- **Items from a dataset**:
↓
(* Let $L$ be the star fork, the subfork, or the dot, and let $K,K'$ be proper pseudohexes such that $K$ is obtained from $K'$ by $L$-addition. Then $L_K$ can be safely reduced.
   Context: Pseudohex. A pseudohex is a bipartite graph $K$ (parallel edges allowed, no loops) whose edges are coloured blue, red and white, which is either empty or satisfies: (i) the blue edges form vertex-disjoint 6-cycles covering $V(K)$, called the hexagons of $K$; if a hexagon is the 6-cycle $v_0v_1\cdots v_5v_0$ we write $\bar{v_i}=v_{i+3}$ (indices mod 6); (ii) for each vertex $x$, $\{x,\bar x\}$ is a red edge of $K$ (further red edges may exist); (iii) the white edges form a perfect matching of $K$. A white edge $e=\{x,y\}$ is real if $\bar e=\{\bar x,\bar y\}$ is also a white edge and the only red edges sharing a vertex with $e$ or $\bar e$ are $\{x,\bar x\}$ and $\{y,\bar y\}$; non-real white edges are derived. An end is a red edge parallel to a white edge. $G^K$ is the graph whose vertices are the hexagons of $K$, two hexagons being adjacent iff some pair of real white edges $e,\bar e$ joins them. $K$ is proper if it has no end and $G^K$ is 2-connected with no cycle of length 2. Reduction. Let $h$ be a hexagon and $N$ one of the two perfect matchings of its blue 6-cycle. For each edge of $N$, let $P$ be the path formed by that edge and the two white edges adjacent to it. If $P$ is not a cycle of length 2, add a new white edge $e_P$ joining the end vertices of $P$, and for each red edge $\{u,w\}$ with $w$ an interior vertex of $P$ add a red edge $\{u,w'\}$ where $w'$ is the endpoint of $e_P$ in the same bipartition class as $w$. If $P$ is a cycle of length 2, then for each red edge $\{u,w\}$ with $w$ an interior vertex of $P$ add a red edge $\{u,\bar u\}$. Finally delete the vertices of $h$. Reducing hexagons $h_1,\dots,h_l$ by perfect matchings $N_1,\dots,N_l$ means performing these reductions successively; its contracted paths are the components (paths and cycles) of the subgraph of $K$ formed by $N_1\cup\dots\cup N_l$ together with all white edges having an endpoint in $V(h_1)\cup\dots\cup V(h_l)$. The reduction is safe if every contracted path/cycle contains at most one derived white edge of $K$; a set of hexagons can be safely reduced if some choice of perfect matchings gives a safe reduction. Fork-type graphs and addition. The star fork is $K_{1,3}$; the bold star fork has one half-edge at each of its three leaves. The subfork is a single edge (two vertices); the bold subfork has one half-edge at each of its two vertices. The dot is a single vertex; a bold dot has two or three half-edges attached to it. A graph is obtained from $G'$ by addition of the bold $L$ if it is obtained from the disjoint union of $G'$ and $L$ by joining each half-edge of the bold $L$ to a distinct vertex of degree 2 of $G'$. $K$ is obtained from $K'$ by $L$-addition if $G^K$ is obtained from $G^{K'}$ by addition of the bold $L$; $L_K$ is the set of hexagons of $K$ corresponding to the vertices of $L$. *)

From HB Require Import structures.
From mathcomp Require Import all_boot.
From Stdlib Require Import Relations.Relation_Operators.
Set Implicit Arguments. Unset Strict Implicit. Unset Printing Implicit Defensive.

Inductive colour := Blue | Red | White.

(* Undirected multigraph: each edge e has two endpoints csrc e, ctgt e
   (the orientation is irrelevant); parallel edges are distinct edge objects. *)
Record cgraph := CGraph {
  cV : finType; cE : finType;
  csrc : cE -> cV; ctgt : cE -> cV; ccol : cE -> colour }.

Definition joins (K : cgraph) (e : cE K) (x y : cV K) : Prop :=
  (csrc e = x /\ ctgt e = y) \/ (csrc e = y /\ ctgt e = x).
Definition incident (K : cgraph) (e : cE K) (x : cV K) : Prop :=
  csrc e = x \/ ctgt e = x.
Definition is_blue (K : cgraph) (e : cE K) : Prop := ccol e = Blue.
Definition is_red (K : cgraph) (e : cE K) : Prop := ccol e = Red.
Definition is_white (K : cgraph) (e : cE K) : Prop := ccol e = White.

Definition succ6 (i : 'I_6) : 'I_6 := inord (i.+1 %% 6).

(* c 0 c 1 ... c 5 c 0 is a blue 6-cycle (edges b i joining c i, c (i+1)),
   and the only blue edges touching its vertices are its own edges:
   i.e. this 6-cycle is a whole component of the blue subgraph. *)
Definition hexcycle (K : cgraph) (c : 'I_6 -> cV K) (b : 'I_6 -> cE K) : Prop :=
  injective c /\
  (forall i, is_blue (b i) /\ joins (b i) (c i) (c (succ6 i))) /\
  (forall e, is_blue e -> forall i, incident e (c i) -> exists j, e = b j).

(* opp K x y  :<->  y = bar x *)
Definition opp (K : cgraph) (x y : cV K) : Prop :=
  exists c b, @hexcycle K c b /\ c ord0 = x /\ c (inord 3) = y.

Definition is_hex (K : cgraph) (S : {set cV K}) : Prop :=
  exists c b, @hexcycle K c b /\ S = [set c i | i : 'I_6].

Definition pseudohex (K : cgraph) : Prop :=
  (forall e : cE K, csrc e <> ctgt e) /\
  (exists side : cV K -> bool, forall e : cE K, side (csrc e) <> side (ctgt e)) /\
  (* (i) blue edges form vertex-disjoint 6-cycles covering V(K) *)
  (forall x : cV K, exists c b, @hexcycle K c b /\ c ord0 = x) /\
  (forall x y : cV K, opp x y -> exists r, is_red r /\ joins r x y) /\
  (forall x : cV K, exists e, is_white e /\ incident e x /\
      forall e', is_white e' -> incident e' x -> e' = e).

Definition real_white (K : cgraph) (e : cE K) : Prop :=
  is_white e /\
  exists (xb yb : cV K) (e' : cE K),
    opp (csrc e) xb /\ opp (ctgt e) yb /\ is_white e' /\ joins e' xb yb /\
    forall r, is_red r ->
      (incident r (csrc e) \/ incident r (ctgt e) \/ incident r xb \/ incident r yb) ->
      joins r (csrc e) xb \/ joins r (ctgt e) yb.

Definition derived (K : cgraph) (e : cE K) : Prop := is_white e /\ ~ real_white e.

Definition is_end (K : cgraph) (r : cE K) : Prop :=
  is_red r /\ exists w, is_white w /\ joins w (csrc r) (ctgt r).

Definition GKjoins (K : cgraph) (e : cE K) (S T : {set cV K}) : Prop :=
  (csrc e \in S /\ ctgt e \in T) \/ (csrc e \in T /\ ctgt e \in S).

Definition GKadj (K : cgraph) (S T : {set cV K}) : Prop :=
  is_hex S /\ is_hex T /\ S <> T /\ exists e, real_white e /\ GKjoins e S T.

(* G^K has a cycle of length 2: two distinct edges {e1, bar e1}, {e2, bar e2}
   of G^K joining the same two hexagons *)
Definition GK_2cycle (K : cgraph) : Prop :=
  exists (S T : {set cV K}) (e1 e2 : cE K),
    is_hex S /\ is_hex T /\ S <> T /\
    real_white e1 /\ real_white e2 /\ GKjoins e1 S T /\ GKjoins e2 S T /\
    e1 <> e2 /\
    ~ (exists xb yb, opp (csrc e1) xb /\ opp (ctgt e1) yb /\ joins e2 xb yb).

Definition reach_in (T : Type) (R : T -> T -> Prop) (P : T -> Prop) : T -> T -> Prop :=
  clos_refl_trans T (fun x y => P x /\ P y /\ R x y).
↑
- **Problem details**:
From the records above, reproduce exactly the lines from the one with "Definition pseudohex (K" to the one with "Definition is_end (K", both included, and no others.

- **Answer for the task**:
Definition pseudohex (K : cgraph) : Prop :=
  (forall e : cE K, csrc e <> ctgt e) /\
  (exists side : cV K -> bool, forall e : cE K, side (csrc e) <> side (ctgt e)) /\
  (* (i) blue edges form vertex-disjoint 6-cycles covering V(K) *)
  (forall x : cV K, exists c b, @hexcycle K c b /\ c ord0 = x) /\
  (forall x y : cV K, opp x y -> exists r, is_red r /\ joins r x y) /\
  (forall x : cV K, exists e, is_white e /\ incident e x /\
      forall e', is_white e' -> incident e' x -> e' = e).

Definition real_white (K : cgraph) (e : cE K) : Prop :=
  is_white e /\
  exists (xb yb : cV K) (e' : cE K),
    opp (csrc e) xb /\ opp (ctgt e) yb /\ is_white e' /\ joins e' xb yb /\
    forall r, is_red r ->
      (incident r (csrc e) \/ incident r (ctgt e) \/ incident r xb \/ incident r yb) ->
      joins r (csrc e) xb \/ joins r (ctgt e) yb.

Definition derived (K : cgraph) (e : cE K) : Prop := is_white e /\ ~ real_white e.

Definition is_end (K : cgraph) (r : cE K) : Prop :=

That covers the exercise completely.